In the example above, we calculated the z-scores for a sample dataset. The z-scores show how many standard deviations each data point is away from the mean. For example, the first data point has a z-score of -0.91, 
which means it is 0.91 standard deviations below the mean.The sixth data point has a z-score of 1.78, which means it is 1.78 standard deviations above the mean.

In [None]:
# Q9: What is Central Limit Theorem? State the significance of the Central Limit Theorem.
'''
The Central Limit Theorem (CLT) is a fundamental concept in probability and statistics that holds immense significance in various fields.
It describes the behavior of the sampling distribution of means under certain conditions.

Key Idea:

Imagine you have a population with any distribution (not necessarily normal). If you repeatedly draw large enough samples from this population and calculate the mean of each sample,
the distribution of those sample means will tend to approach a normal distribution, regardless of the original population's shape.

Conditions:
Independent samples: Each sample must be drawn independently from the population, meaning previous draws have no influence on subsequent ones.
Large enough sample size: While the exact threshold varies depending on the population distribution, the theorem generally applies well for sample sizes greater than 30.

Significance:
    1. Justifies the use of normal distribution: Even if real-world data doesn't perfectly follow a normal distribution, if the sample size is large enough,
       the CLT assures that the distribution of means will be approximately normal.
    2. Confidence intervals and hypothesis testing: Many statistical methods, 
       like confidence intervals and hypothesis testing, rely on the normality assumption.
    3. Simplifies complex problems: Analyzing complex distributions can be challenging. The CLT allows us to approximate the behavior of sample means using the well-understood normal distribution, 
       simplifying tasks like estimating population means, testing hypotheses, and making predictions.
       

In [None]:
# Q10: State the assumptions of the Central Limit Theorem.
'''
1. Independent Sampling:
Each sample must be drawn independently from the population. This means that the selection of one sample does not influence the selection of any other sample. 
Past draws should have no bearing on future ones.
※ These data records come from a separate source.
Definition qha_iso (A B : finType) (dA : qha_data A) (dB : qha_data B)
    (f : {ffun A -> F} -> {ffun B -> F}) : Prop :=
  (forall (a : F) (u v : {ffun A -> F}), f [ffun x => a * u x + v x] = [ffun y => a * f u y + f v y]) /\
  bijective f /\
  (forall u v, f (mulV dA u v) = mulV dB (f u) (f v)) /\
  f (qunit dA) = qunit dB /\
  (forall u, comulV dB (f u) = tensor2 f (comulV dA u)) /\
  (forall u, counitV dB (f u) = counitV dA u) /\
  tensor3 f (qPhi dA) = qPhi dB /\
  (forall u, f (antipodeV dA u) = antipodeV dB (f u)) /\
  f (qalpha dA) = qalpha dB /\
  f (qbeta dA) = qbeta dB.

End QHA.

Definition normalized_3cocycle (F : fieldType) (Q : finGroupType) (Qs : {set Q})
    (om : Q -> Q -> Q -> F) : Prop :=
  (forall g h k, g \in Qs -> h \in Qs -> k \in Qs -> om g h k != 0) /\
  (forall g h k l, g \in Qs -> h \in Qs -> k \in Qs -> l \in Qs ->
     om h k l * om g (h * k)%g l * om g h k = om (g * h)%g k l * om g h (k * l)%g) /\
  (forall g h, g \in Qs -> h \in Qs ->
     om 1%g g h = 1 /\ om g 1%g h = 1 /\ om g h 1%g = 1).

Definition theta (F : fieldType) (Q : finGroupType) (om : Q -> Q -> Q -> F) (g x y : Q) : F :=
  om g x y * om x y (g ^ (x * y))%g / om x g (y ^ g)%g.
Definition gamma (F : fieldType) (Q : finGroupType) (om : Q -> Q -> Q -> F) (g x y : Q) : F :=
  om x y g * om g (x ^ g)%g (y ^ g)%g / om x g (y ^ g)%g.

(* D^omega(G,N), generically: basis e(gbar) |><| x with gbar in Qs, x in H,   *)
(* and pi : T -> Q the projection x |-> xbar.                                *)
Section Double.
Variables (F : fieldType) (Q T : finGroupType) (Qs : {group Q}) (H : {group T})
  (pi : T -> Q) (om : Q -> Q -> Q -> F).

Definition dbasis := {p : Q * T | (p.1 \in Qs) && (p.2 \in H)}.

Definition dmul (b b' : dbasis) : {ffun dbasis -> F} :=
  [ffun c : dbasis =>
     if (((val b).1 ^ pi (val b).2)%g == (val b').1) && (val c == ((val b).1, ((val b).2 * (val b').2)%g))
     then theta om (val b).1 (pi (val b).2) (pi (val b').2) else 0].

Definition dunit : {ffun dbasis -> F} :=
  [ffun c : dbasis => if (val c).2 == 1%g then 1 else 0].

Definition dcomul (b : dbasis) : {ffun dbasis * dbasis -> F} :=
  [ffun c : dbasis * dbasis =>
     if [&& (val c.1).2 == (val b).2, (val c.2).2 == (val b).2
          & ((val c.1).1 * (val c.2).1)%g == (val b).1]
     then gamma om (pi (val b).2) (val c.1).1 (val c.2).1 else 0].

Definition dcounit (b : dbasis) : F := if (val b).1 == 1%g then 1 else 0.

Definition dantipode (b : dbasis) : {ffun dbasis -> F} :=
  [ffun c : dbasis =>
     if val c == ((((val b).1)^-1 ^ pi (val b).2)%g, (((val b).2)^-1)%g)
     then theta om ((val b).1)^-1%g (pi (val b).2) (pi (val b).2)^-1%g
          / gamma om (pi (val b).2) (val b).1 ((val b).1)^-1%g
     else 0].

Definition dbeta : {ffun dbasis -> F} :=
  [ffun c : dbasis => if (val c).2 == 1%g then om (val c).1 ((val c).1)^-1%g (val c).1 else 0].

Definition dPhi : {ffun dbasis * dbasis * dbasis -> F} :=
  [ffun c : dbasis * dbasis * dbasis =>
     if [&& (val c.1.1).2 == 1%g, (val c.1.2).2 == 1%g & (val c.2).2 == 1%g]
     then (om (val c.1.1).1 (val c.1.2).1 (val c.2).1)^-1 else 0].

Definition Ddata : qha_data F dbasis :=
  QHAData dmul dunit dcomul dcounit dantipode dunit dbeta dPhi.

End Double.

Definition DGN (F : fieldType) (gT : finGroupType) (G N : {group gT})
    (om : coset_of N -> coset_of N -> coset_of N -> F) :=
  Ddata (G / N)%G G (coset N) om.

Definition DGbar (F : fieldType) (gT : finGroupType) (G N : {group gT})
    (om : coset_of N -> coset_of N -> coset_of N -> F) :=
  Ddata (G / N)%G (G / N)%G id om.
Arguments DGN {F gT} G N om.
Arguments DGbar {F gT} G N om.

Section Smash.
Variables (F : fieldType) (gT : finGroupType) (G N : {group gT})
  (om : coset_of N -> coset_of N -> coset_of N -> F) (s : coset_of N -> gT).

Definition sigma2 (x y : coset_of N) : gT := (s x * s y * (s (x * y)%g)^-1)%g.

Definition Nbasis := {m : gT | m \in N}.
Definition sbasis := (Nbasis * dbasis (G / N)%G (G / N)%G)%type.

Let dQ := DGbar G N om.

Definition smul (b b' : sbasis) : {ffun sbasis -> F} :=
  [ffun c : sbasis =>
     if val c.1 == (val b.1 * val b'.1 * sigma2 (val b.2).2 (val b'.2).2)%g
     then qmul dQ b.2 b'.2 c.2 else 0].

Definition sunit : {ffun sbasis -> F} :=
  [ffun c : sbasis => if val c.1 == 1%g then qunit dQ c.2 else 0].
Lemma T_prime_flip X : F_prime X -> T_prime (flip X).
Proof.
  intros H C E hC mE e. apply flip_inj, (H (flip C) (flip E)).
  - apply hasF_flip; auto.
  - apply mixed_flip; auto.
  - rewrite <- flip_replT, <- e, flipK. reflexivity.
Qed.
Lemma F_prime_flip X : T_prime X -> F_prime (flip X).
Proof.
  intros H C E hC mE e. apply flip_inj, (H (flip C) (flip E)).
  - apply hasT_flip; auto.
  - apply mixed_flip; auto.
  - rewrite <- flip_replF, <- e, flipK. reflexivity.
Qed.
Lemma M_tree_flip X : M_tree X -> M_tree (flip X).
Proof.
  intros [mX [pT pF]]. split; [apply mixed_flip; auto | split].
  - intros C E nC mE e. apply flip_inj, (pF (flip C) (flip E)).
    + rewrite hasT_flip. auto.
    + apply mixed_flip; auto.
    + rewrite <- flip_replT, <- e, flipK. reflexivity.
  - intros C E nC mE e. apply flip_inj, (pT (flip C) (flip E)).
    + rewrite hasF_flip. auto.
    + apply mixed_flip; auto.
    + rewrite <- flip_replF, <- e, flipK. reflexivity.
Qed.

Lemma T_prime_node X a Y : ~ mixed X -> ~ mixed Y -> T_prime (Node X a Y).
Proof.
  intros nX nY C E hC mE e. destruct C as [| |C1 b C2]; simpl in e; try discriminate; auto.
  injection e as e1 _ e2. exfalso. destruct hC as [h|h];
    [apply nX; rewrite e1 | apply nY; rewrite e2]; apply mixed_replT; auto.
Qed.
Lemma F_prime_node X a Y : ~ mixed X -> ~ mixed Y -> F_prime (Node X a Y).
Proof.
  intros nX nY C E hC mE e. destruct C as [| |C1 b C2]; simpl in e; try discriminate; auto.
  injection e as e1 _ e2. exfalso. destruct hC as [h|h];
    [apply nX; rewrite e1 | apply nY; rewrite e2]; apply mixed_replF; auto.
Qed.

Lemma node_M_tree X a Y : ~ mixed X -> ~ mixed Y -> mixed (Node X a Y) ->
  M_tree (Node X a Y) /\ T_prime (Node X a Y) /\ F_prime (Node X a Y).
Proof.
  intros nX nY mN. assert (pT := T_prime_node X a Y nX nY). assert (pF := F_prime_node X a Y nX nY).
  repeat split; auto using T_prime_prefix_free, F_prime_prefix_free; apply mN.
Qed.

Lemma T_prime_not_conj X C M : T_prime X -> mixed C -> mixed M -> X <> repl C M LF.
Proof. intros p [cT cF] mM e. rewrite (p C M cT mM e) in cF. exact cF. Qed.
Lemma F_prime_not_disj X D M : F_prime X -> mixed D -> mixed M -> X <> repl D LT M.
Proof. intros p [dT dF] mM e. rewrite (p D M dF mM e) in dT. exact dT. Qed.

Lemma conj_tree C M : M_tree C -> T_prime C -> M_tree M ->
  M_tree (repl C M LF) /\ F_prime (repl C M LF).
Proof.
  intros [[cT cF] [_ pFC]] pC [[mT mF] _].
  assert (pF : F_prime (repl C M LF)).
  { intros C' E hC' mE e. symmetry in e.
    destruct (levi_repl_mixed C' C E M mE (conj mT mF) e) as [[n _]|[n [Y [p q]]]]; [tauto|].
    apply (pFC C' Y); auto. split.
    - destruct (hasT_dec Y) as [|h]; auto. rewrite replT_noT in p by auto. subst. apply mE.
    - rewrite q in cF. apply hasF_repl in cF. simpl in cF. tauto. }
  split; [unfold M_tree; split; [apply mixed_replT; [exact cT | split; auto] | split] | exact pF].
  - intros E Y nE [yT yF] e.
    destruct (levi_replT C E M Y mT yT e) as [[n _]|[[E' [p q]]|[E' [p q]]]].
    + tauto.
    + exfalso. apply nE. rewrite q. apply hasF_repl. simpl. auto.
    + apply (pC E E'); auto; [destruct (hasT_or_hasF E); tauto | split].
      * destruct (hasT_dec E') as [|h]; auto. rewrite replT_noT in p by auto. subst. tauto.
      * rewrite q in cF. apply hasF_repl in cF. simpl in cF. tauto.
  - apply F_prime_prefix_free. exact pF.
Qed.

Lemma disj_tree D M : M_tree D -> F_prime D -> M_tree M ->
  M_tree (repl D LT M) /\ T_prime (repl D LT M).
Proof.
  intros hD pD hM. rewrite <- (flipK (repl D LT M)), flip_replF.
  destruct (conj_tree (flip D) (flip M)) as [h p];
    auto using M_tree_flip, T_prime_flip, F_prime_flip.
Qed.

Lemma replT_cancel C C' M M' : hasT C ->
  mixed M -> T_prefix_free M -> mixed M' -> T_prefix_free M' ->
  (forall E, mixed E -> C' <> repl C E LF) -> (forall E, mixed E -> C <> repl C' E LF) ->
  repl C M LF = repl C' M' LF -> C = C' /\ M = M'.
Proof.
  intros hC [mT mF] pM [mT' mF'] pM' n1 n2 e.
  destruct (levi_replT C C' M M' mT mT' e) as [[n _]|[[E [p q]]|[E [p q]]]]; [tauto| |].
  - assert (hE : ~ hasF E).
    { intro hE. apply (n1 E); auto. split; auto.
      destruct (hasT_dec E) as [|h]; auto. rewrite replT_noT in p by auto. subst. tauto. }
    assert (E = LT) by (apply (pM E M'); auto; split; auto).
    subst E. simpl in p. rewrite repl_id in q. auto.
  - assert (hE : ~ hasF E).
    { intro hE. apply (n2 E); auto. split; auto.
      destruct (hasT_dec E) as [|h]; auto. rewrite replT_noT in p by auto. subst. tauto. }
    assert (E = LT) by (apply (pM' E M); auto; split; auto).
    subst E. simpl in p. rewrite repl_id in q. auto.
Qed.

Lemma conj_tree_inj C C' M M' : mixed C -> T_prime C -> mixed C' -> T_prime C' ->
  M_tree M -> M_tree M' -> repl C M LF = repl C' M' LF -> C = C' /\ M = M'.
Proof.
  intros mC pC mC' pC' [mM [pM _]] [mM' [pM' _]].
  apply replT_cancel; auto; [apply mC | |]; intros E mE; apply T_prime_not_conj; auto.
Qed.

Lemma disj_tree_inj D D' M M' : mixed D -> F_prime D -> mixed D' -> F_prime D' ->
  M_tree M -> M_tree M' -> repl D LT M = repl D' LT M' -> D = D' /\ M = M'.
Proof.
  intros mD pD mD' pD' hM hM' e. apply (f_equal flip) in e. rewrite !flip_replF in e.
  destruct (conj_tree_inj (flip D) (flip D') (flip M) (flip M')) as [e1 e2];
    try apply mixed_flip; auto using M_tree_flip, T_prime_flip.
  split; apply flip_inj; auto.
Qed.

Lemma Ttree_conj_inj X X' M M' : Ttree X -> Ttree X' ->
  M_tree M -> M_tree M' -> repl X M LF = repl X' M' LF -> X = X' /\ M = M'.
Proof.
  intros [hX nX] [hX' nX'] [mM [pM _]] [mM' [pM' _]].
  apply replT_cancel; auto; intros E [_ hE] e; [apply nX' | apply nX];
    rewrite e; apply hasF_repl; auto.
Qed.

End Factorisation.

(** * Soundness *)

Section Soundness.
Context {A : Type}.

Fixpoint eval (r : nat -> tree A) (t : term A) : tree A :=
  match t with
  | Var n => r n
  | TT => LT
  | FF => LF
  | Atom a => Node LT a LF
  | Neg t => repl (eval r t) LF LT
  | AndL t u => repl (eval r t) (eval r u) LF
  | OrL t u => repl (eval r t) LT (eval r u)
  end.

Lemma eval_subst r s t : eval r (subst s t) = eval (fun n => eval r (s n)) t.
Proof. induction t; simpl; congruence. Qed.

Lemma eval_emb r P : eval r (emb P) = se P.
Proof. induction P; simpl; congruence. Qed.

Lemma EqFSCL_valid l u r : EqFSCL l u -> eval r l = eval r u.
Proof. destruct 1; simpl; rewrite ?repl_assoc; simpl; rewrite ?repl_id; reflexivity. Qed.

Lemma derivable_valid t u rho : derivable (@EqFSCL A) t u -> eval rho t = eval rho u.
Proof.
  intros H. revert rho. induction H; intros rho; simpl; try congruence.
  rewrite !eval_subst. apply EqFSCL_valid. assumption.
Qed.

Lemma se_sound P Q : derivable (@EqFSCL A) (emb P) (emb Q) -> se P = se Q.
Proof.
  intros H. rewrite <- (eval_emb (fun _ => LT) P), <- (eval_emb (fun _ => LT) Q).
  apply derivable_valid. exact H.
Qed.

End Soundness.

(** * Derivable equality of closed terms *)

Definition eqv {A} (P Q : sterm A) := derivable (@EqFSCL A) (emb P) (emb Q).
Infix "≈" := eqv (at level 70).
Notation "P ⊓ Q" := (sAndL P Q) (at level 40, left associativity).
Notation "P ⊔ Q" := (sOrL P Q) (at level 50, left associativity).
Notation "! P" := (sNeg P) (at level 35, right associativity).

Instance eqv_Equivalence {A} : Equivalence (@eqv A).
Proof. split; intro; intros; [apply d_refl | apply d_sym; auto | eapply d_trans; eauto]. Qed.
Instance sNeg_Proper {A} : Proper (eqv ==> eqv) (@sNeg A).
Proof. intros ? ? H. apply d_neg. exact H. Qed.
Instance sAndL_Proper {A} : Proper (eqv ==> eqv ==> eqv) (@sAndL A).
Proof. intros ? ? H ? ? H'. apply d_and; assumption. Qed.
Instance sOrL_Proper {A} : Proper (eqv ==> eqv ==> eqv) (@sOrL A).
Proof. intros ? ? H ? ? H'. apply d_or; assumption. Qed.

Definition xyz_subst {A} (P Q R : sterm A) (n : nat) : term A :=
  match n with 0 => emb P | 1 => emb Q | _ => emb R end.

Section Calculus.
Context {A : Type}.
Implicit Types P Q R t s u f g h : sterm A.

Lemma F_negT : sF ≈ (!sT : sterm A). Proof. exact (d_ax _ _ _ (xyz_subst sT sT sT) (F1 A)). Qed.
Lemma or_def P Q : P ⊔ Q ≈ !(!P ⊓ !Q). Proof. exact (d_ax _ _ _ (xyz_subst P Q sT) (F2 A)). Qed.
Lemma negK P : !!P ≈ P. Proof. exact (d_ax _ _ _ (xyz_subst P sT sT) (F3 A)). Qed.
Lemma andTl P : sT ⊓ P ≈ P. Proof. exact (d_ax _ _ _ (xyz_subst P sT sT) (F4 A)). Qed.
Lemma orFr P : P ⊔ sF ≈ P. Proof. exact (d_ax _ _ _ (xyz_subst P sT sT) (F5 A)). Qed.
Lemma andFl P : sF ⊓ P ≈ sF. Proof. exact (d_ax _ _ _ (xyz_subst P sT sT) (F6 A)). Qed.
Lemma andA P Q R : P ⊓ Q ⊓ R ≈ P ⊓ (Q ⊓ R). Proof. exact (d_ax _ _ _ (xyz_subst P Q R) (F7 A)). Qed.
Lemma neg_andF P : !P ⊓ sF ≈ P ⊓ sF. Proof. exact (d_ax _ _ _ (xyz_subst P sT sT) (F8 A)). Qed.
Lemma andF_or P Q : P ⊓ sF ⊔ Q ≈ (P ⊔ sT) ⊓ Q. Proof. exact (d_ax _ _ _ (xyz_subst P Q sT) (F9 A)). Qed.
Lemma or_andF_distr P Q R : P ⊓ Q ⊔ R ⊓ sF ≈ (P ⊔ R ⊓ sF) ⊓ (Q ⊔ R ⊓ sF).
Proof. exact (d_ax _ _ _ (xyz_subst P Q R) (F10 A)). Qed.

End Calculus.

(* [Tt t]: every leaf of [se t] is T; [Ff f]: every leaf of [se f] is F. *)
Notation Tt t := (t ≈ t ⊔ sT).
Notation Ff f := (f ≈ f ⊓ sF).

Section DerivedLaws.
Context {A : Type}.
Implicit Types P Q R t s u f g h : sterm A.

Lemma negT : !sT ≈ (sF : sterm A). Proof. symmetry. apply F_negT. Qed.
Lemma negF : !sF ≈ (sT : sterm A). Proof. rewrite F_negT. apply negK. Qed.
Lemma neg_and P Q : !(P ⊓ Q) ≈ !P ⊔ !Q. Proof. rewrite (or_def (!P) (!Q)), !negK. reflexivity. Qed.
Lemma neg_or P Q : !(P ⊔ Q) ≈ !P ⊓ !Q. Proof. rewrite or_def, negK. reflexivity. Qed.
Lemma orA P Q R : P ⊔ Q ⊔ R ≈ P ⊔ (Q ⊔ R).
Proof. rewrite (or_def (P ⊔ Q) R), (or_def P (Q ⊔ R)), !neg_or, andA. reflexivity. Qed.
Lemma orFl P : sF ⊔ P ≈ P. Proof. rewrite or_def, negF, andTl, negK. reflexivity. Qed.
Lemma orTl P : sT ⊔ P ≈ sT. Proof. rewrite or_def, negT, andFl, negF. reflexivity. Qed.
Lemma andTr P : P ⊓ sT ≈ P.
Proof. rewrite <- (negK (P ⊓ sT)), neg_and, negT, orFr, negK. reflexivity. Qed.
Lemma neg_orT P : !P ⊔ sT ≈ P ⊔ sT. Proof. rewrite !or_def, negK, negT, neg_andF. reflexivity. Qed.
Lemma andF_absorb P R : R ⊓ sF ⊓ P ≈ R ⊓ sF. Proof. rewrite andA, andFl. reflexivity. Qed.
Lemma orT_absorb P R : R ⊔ sT ⊔ P ≈ R ⊔ sT. Proof. rewrite orA, orTl. reflexivity. Qed.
2. Large Enough Sample Size:
While the exact threshold varies depending on the population distribution, the theorem generally applies well for sample sizes greater than 30. 
As the sample size increases, the distribution of sample means becomes closer to a normal distribution, regardless of the original population's shape.

3. Finite Population Variance:
The population from which you are sampling must have a finite variance. This means that the spread of values in the population is not infinite.
Infinite variance can lead to unexpected behavior in the sampling distribution of means.